THE TASK:
Take the line that contains "Definition polyhedron (m" as the first line and the last line of the records as the end. Please set down everything in that range exactly.

····················

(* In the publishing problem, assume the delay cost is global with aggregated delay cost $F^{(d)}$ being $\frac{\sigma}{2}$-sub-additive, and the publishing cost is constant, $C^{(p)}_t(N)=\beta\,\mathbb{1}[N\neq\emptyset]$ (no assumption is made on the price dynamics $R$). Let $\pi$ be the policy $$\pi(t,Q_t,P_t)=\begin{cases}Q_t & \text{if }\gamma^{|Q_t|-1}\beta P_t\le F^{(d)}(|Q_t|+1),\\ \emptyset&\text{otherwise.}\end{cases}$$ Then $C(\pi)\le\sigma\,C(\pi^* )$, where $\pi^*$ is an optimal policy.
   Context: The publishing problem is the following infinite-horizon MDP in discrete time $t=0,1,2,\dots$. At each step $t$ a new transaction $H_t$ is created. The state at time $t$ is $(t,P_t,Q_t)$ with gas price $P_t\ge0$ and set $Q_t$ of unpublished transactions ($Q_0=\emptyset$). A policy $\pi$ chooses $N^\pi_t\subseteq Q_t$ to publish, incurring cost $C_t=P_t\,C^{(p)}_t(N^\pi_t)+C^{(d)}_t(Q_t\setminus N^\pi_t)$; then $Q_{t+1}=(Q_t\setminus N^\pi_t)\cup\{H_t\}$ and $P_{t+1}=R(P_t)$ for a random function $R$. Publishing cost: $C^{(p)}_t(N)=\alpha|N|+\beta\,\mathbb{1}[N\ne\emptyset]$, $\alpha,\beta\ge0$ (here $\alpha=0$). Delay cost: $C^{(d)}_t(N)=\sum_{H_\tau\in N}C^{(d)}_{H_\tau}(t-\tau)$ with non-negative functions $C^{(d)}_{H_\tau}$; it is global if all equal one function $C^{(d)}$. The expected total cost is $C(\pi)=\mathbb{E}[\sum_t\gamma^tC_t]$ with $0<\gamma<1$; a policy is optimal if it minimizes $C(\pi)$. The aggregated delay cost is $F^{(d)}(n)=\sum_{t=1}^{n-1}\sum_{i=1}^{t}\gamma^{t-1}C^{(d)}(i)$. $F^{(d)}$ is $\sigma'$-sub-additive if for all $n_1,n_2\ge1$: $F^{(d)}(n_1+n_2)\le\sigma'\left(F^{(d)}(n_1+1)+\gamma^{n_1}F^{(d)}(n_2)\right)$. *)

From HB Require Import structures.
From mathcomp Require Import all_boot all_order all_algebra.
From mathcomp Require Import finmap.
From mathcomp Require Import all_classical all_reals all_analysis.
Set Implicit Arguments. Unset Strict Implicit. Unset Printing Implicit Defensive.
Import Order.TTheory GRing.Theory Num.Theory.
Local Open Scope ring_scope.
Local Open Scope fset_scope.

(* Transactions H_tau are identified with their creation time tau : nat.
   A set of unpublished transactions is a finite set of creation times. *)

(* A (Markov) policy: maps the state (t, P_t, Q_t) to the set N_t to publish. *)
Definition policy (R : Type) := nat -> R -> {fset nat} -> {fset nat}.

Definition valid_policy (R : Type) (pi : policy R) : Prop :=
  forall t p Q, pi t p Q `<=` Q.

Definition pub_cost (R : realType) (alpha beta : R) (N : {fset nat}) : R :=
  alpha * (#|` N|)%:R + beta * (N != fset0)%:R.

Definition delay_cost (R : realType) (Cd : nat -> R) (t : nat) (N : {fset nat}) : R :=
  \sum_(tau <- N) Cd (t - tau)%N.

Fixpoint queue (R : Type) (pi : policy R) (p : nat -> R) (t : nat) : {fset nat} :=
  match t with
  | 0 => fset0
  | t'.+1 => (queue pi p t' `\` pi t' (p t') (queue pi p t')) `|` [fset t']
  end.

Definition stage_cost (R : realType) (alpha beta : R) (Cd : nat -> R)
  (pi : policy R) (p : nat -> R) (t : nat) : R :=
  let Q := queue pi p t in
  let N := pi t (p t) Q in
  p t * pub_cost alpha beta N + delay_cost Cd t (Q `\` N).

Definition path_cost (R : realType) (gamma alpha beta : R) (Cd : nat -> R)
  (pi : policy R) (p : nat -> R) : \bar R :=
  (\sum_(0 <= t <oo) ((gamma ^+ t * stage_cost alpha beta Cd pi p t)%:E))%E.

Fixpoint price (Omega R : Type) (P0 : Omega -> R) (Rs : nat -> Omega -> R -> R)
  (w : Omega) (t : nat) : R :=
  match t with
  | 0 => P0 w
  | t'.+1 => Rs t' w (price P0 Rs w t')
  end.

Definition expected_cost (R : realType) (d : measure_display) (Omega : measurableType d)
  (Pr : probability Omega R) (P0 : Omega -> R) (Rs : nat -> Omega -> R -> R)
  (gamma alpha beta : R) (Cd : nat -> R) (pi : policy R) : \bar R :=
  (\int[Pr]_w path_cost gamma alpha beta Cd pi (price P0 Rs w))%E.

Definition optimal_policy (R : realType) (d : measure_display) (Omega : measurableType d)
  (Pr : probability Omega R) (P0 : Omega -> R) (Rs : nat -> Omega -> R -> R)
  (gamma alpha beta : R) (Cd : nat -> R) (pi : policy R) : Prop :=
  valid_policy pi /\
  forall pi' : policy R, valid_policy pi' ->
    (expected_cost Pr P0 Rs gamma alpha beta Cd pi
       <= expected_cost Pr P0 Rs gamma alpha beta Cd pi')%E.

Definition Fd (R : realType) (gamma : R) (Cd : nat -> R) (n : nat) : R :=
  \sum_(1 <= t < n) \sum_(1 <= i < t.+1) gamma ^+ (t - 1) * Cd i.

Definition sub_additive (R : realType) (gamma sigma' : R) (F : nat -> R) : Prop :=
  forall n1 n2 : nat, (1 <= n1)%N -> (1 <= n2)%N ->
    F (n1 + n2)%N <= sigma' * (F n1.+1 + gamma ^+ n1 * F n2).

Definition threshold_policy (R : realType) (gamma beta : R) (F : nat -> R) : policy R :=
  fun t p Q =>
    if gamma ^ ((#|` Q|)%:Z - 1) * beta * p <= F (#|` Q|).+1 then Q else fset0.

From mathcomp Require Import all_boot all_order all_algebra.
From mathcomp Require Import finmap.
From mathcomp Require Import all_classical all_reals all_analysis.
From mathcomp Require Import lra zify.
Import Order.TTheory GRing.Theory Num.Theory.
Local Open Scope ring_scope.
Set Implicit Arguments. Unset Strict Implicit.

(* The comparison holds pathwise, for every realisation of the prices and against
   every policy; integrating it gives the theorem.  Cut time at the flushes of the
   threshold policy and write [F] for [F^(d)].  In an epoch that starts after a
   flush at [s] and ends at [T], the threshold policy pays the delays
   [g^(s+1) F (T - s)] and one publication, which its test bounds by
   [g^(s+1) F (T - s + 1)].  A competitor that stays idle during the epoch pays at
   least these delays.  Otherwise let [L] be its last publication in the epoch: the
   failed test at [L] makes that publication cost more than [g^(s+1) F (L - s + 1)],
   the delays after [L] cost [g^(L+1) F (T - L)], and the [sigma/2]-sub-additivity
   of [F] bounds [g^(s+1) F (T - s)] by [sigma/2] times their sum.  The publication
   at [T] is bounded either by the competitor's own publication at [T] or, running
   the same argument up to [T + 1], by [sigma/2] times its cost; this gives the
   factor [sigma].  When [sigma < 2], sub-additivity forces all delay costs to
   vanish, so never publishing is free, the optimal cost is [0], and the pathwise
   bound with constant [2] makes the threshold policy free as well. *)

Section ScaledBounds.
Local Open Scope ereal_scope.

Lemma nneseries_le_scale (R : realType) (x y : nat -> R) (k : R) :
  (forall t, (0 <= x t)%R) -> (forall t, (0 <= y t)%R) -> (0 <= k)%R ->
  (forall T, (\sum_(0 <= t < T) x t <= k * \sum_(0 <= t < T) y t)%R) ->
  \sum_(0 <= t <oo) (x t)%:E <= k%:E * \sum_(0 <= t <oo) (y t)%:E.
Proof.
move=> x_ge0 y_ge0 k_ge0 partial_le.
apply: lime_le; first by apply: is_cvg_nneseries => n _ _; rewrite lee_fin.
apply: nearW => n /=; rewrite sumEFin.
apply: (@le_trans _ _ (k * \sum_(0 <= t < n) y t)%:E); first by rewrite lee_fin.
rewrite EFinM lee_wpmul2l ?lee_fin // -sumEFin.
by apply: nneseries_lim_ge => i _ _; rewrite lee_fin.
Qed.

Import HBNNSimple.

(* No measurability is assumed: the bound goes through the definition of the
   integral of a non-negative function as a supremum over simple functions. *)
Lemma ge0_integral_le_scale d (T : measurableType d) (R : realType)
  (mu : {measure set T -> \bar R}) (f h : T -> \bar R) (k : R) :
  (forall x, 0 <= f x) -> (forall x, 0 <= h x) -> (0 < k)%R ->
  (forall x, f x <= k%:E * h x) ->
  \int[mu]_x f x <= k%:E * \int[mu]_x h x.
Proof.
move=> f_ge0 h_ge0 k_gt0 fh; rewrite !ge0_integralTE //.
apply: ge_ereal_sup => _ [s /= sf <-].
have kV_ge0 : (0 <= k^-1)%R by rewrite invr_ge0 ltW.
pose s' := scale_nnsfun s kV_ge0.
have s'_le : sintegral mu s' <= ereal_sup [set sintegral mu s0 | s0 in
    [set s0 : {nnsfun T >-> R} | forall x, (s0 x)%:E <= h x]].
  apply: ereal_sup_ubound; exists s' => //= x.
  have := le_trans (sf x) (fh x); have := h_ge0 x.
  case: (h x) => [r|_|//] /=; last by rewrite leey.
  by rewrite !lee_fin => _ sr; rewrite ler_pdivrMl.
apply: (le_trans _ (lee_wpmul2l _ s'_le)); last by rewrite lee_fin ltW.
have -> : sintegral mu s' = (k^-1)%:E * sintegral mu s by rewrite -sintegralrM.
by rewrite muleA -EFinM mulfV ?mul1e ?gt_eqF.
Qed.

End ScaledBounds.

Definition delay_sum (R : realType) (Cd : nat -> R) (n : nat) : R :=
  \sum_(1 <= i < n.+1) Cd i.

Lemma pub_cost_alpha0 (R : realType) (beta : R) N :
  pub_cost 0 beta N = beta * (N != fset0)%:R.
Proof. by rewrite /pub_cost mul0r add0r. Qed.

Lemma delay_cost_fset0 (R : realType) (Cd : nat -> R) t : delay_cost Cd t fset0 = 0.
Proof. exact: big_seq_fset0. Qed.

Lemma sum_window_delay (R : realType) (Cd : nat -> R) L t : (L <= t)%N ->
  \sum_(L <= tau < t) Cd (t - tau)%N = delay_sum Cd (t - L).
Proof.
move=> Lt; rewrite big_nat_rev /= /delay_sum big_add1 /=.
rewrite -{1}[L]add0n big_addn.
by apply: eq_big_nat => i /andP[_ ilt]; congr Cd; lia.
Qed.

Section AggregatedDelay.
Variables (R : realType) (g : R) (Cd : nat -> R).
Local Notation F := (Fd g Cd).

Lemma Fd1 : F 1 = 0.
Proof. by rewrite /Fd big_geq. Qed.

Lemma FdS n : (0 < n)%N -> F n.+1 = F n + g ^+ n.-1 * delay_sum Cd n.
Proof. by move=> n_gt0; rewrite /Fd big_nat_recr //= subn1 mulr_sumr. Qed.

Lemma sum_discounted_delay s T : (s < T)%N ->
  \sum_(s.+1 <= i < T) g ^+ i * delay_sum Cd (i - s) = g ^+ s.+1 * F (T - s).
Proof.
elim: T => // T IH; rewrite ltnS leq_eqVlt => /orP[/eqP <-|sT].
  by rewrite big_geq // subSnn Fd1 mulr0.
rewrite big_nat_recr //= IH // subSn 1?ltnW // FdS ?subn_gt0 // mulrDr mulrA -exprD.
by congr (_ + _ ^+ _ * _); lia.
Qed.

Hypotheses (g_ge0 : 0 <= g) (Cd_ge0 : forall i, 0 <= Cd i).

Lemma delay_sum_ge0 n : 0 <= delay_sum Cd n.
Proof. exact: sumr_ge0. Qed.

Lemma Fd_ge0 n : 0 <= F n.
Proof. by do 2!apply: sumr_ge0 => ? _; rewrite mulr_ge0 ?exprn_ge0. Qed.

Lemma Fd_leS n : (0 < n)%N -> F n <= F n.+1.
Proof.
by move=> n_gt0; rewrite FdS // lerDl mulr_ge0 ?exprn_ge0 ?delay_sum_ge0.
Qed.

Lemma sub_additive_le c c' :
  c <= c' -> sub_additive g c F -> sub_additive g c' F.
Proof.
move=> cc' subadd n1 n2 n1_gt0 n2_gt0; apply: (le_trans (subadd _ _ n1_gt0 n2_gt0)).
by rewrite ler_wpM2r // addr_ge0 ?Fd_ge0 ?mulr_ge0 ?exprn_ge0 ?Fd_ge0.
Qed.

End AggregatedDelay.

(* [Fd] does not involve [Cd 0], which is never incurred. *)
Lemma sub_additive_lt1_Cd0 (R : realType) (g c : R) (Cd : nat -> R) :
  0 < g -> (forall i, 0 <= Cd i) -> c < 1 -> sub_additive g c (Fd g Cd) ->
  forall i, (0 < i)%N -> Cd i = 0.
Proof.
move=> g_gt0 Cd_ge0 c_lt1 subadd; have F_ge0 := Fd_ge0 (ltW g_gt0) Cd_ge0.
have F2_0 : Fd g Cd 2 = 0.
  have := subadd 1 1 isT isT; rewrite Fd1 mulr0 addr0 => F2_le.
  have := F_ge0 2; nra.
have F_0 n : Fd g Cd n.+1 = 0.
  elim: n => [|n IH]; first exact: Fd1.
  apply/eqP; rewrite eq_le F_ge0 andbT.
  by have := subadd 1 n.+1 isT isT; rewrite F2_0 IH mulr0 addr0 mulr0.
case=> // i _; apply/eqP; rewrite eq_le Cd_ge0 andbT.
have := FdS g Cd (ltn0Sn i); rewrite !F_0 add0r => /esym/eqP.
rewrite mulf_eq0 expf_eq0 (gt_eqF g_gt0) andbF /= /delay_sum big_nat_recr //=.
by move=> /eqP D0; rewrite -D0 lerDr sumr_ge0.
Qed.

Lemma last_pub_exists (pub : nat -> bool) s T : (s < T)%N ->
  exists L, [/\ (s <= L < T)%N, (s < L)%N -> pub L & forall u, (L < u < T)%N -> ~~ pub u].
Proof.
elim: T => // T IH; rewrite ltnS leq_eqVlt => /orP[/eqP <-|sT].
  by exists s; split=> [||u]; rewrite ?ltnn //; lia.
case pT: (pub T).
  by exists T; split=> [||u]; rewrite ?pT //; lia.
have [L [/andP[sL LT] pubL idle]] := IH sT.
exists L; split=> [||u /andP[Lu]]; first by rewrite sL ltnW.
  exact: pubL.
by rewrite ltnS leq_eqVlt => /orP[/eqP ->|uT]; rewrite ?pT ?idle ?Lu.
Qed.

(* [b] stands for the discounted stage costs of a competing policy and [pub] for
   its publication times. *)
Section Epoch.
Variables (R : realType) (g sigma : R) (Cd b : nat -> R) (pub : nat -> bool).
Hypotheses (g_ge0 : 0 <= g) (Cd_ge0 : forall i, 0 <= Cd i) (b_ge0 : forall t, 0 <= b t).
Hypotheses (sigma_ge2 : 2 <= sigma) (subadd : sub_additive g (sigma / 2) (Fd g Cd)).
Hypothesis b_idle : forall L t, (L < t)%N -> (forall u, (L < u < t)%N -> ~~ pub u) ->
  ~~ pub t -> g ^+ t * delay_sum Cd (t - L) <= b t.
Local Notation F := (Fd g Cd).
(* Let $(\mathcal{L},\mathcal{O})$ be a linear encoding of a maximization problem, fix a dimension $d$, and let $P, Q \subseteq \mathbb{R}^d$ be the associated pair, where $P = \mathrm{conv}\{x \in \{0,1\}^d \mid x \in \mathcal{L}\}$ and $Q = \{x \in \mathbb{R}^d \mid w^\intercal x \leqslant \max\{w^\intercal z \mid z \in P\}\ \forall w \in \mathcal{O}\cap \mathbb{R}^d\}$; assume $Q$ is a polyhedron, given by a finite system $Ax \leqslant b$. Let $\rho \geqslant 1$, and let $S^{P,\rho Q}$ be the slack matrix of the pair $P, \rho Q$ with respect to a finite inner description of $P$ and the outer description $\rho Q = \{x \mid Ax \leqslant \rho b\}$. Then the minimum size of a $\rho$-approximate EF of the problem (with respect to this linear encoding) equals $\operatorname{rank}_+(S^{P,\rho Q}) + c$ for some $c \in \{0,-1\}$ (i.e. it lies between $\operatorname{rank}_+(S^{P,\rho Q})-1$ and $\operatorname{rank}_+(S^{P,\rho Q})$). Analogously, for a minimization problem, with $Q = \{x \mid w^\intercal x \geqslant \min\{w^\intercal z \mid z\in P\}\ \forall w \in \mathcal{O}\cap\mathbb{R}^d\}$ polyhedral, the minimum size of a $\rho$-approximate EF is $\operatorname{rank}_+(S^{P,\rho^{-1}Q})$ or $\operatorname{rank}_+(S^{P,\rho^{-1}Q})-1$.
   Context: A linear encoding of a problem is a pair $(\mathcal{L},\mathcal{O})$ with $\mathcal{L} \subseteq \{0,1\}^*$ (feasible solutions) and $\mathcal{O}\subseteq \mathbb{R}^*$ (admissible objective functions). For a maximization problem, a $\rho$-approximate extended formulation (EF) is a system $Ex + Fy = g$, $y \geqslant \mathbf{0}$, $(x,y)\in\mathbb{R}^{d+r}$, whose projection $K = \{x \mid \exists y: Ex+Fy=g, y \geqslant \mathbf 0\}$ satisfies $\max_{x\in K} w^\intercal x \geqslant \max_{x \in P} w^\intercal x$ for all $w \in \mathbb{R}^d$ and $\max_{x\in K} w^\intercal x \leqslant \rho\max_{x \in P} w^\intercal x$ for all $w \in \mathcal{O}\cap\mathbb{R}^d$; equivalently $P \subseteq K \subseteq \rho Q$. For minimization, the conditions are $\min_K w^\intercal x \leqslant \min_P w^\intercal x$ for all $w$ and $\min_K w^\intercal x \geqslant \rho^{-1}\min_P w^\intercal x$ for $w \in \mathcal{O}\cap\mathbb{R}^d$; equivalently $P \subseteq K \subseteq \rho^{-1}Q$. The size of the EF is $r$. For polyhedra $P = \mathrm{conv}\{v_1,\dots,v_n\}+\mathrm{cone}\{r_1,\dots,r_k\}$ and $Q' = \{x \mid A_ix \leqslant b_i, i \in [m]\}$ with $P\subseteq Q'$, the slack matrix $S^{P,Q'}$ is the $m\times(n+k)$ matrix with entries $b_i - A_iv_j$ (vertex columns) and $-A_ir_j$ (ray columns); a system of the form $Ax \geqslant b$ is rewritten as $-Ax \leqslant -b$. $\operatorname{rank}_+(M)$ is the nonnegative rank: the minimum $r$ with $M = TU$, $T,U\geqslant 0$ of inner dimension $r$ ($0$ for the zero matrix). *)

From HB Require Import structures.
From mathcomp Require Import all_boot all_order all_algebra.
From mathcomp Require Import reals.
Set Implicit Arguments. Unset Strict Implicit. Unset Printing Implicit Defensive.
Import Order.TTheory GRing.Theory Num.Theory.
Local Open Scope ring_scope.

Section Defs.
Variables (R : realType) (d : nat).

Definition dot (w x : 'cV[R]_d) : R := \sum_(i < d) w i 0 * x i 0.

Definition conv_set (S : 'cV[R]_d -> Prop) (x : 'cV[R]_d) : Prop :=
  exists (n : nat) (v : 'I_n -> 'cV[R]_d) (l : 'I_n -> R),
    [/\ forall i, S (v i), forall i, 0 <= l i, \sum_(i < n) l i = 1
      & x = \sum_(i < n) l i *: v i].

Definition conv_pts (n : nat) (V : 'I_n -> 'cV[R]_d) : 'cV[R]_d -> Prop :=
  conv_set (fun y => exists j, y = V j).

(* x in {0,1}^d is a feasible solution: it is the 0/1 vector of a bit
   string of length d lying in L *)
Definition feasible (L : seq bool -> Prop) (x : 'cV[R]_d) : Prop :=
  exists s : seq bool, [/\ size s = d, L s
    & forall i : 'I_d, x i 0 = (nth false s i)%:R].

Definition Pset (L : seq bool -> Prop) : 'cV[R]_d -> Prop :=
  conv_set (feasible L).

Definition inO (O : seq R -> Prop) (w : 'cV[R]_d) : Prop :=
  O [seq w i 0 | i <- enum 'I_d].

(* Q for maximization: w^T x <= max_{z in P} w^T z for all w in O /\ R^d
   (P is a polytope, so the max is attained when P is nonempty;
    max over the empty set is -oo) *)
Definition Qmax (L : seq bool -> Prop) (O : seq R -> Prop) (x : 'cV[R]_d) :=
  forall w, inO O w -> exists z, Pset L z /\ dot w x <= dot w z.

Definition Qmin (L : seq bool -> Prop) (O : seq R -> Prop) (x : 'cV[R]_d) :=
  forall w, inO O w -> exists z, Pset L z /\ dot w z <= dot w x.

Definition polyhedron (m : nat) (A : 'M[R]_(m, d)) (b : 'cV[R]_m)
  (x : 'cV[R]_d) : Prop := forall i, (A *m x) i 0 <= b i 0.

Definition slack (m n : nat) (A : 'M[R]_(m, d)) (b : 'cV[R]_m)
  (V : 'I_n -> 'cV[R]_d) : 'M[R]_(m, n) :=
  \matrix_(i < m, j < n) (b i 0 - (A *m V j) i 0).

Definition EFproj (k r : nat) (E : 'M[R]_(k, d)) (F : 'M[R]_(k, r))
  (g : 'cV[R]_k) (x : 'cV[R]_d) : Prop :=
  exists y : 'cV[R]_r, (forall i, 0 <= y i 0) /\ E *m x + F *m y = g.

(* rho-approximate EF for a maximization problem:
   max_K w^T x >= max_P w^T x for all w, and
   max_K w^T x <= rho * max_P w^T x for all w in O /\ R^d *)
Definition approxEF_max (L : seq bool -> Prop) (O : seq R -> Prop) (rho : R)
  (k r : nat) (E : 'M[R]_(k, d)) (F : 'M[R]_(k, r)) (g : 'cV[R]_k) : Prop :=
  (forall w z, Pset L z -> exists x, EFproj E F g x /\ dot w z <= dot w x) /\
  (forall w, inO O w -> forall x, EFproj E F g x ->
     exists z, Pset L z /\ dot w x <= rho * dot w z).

····················

SOLUTION FOR THIS TASK:
Definition polyhedron (m : nat) (A : 'M[R]_(m, d)) (b : 'cV[R]_m)
  (x : 'cV[R]_d) : Prop := forall i, (A *m x) i 0 <= b i 0.

Definition slack (m n : nat) (A : 'M[R]_(m, d)) (b : 'cV[R]_m)
  (V : 'I_n -> 'cV[R]_d) : 'M[R]_(m, n) :=
  \matrix_(i < m, j < n) (b i 0 - (A *m V j) i 0).

Definition EFproj (k r : nat) (E : 'M[R]_(k, d)) (F : 'M[R]_(k, r))
  (g : 'cV[R]_k) (x : 'cV[R]_d) : Prop :=
  exists y : 'cV[R]_r, (forall i, 0 <= y i 0) /\ E *m x + F *m y = g.

(* rho-approximate EF for a maximization problem:
   max_K w^T x >= max_P w^T x for all w, and
   max_K w^T x <= rho * max_P w^T x for all w in O /\ R^d *)
Definition approxEF_max (L : seq bool -> Prop) (O : seq R -> Prop) (rho : R)
  (k r : nat) (E : 'M[R]_(k, d)) (F : 'M[R]_(k, r)) (g : 'cV[R]_k) : Prop :=
  (forall w z, Pset L z -> exists x, EFproj E F g x /\ dot w z <= dot w x) /\
  (forall w, inO O w -> forall x, EFproj E F g x ->
     exists z, Pset L z /\ dot w x <= rho * dot w z).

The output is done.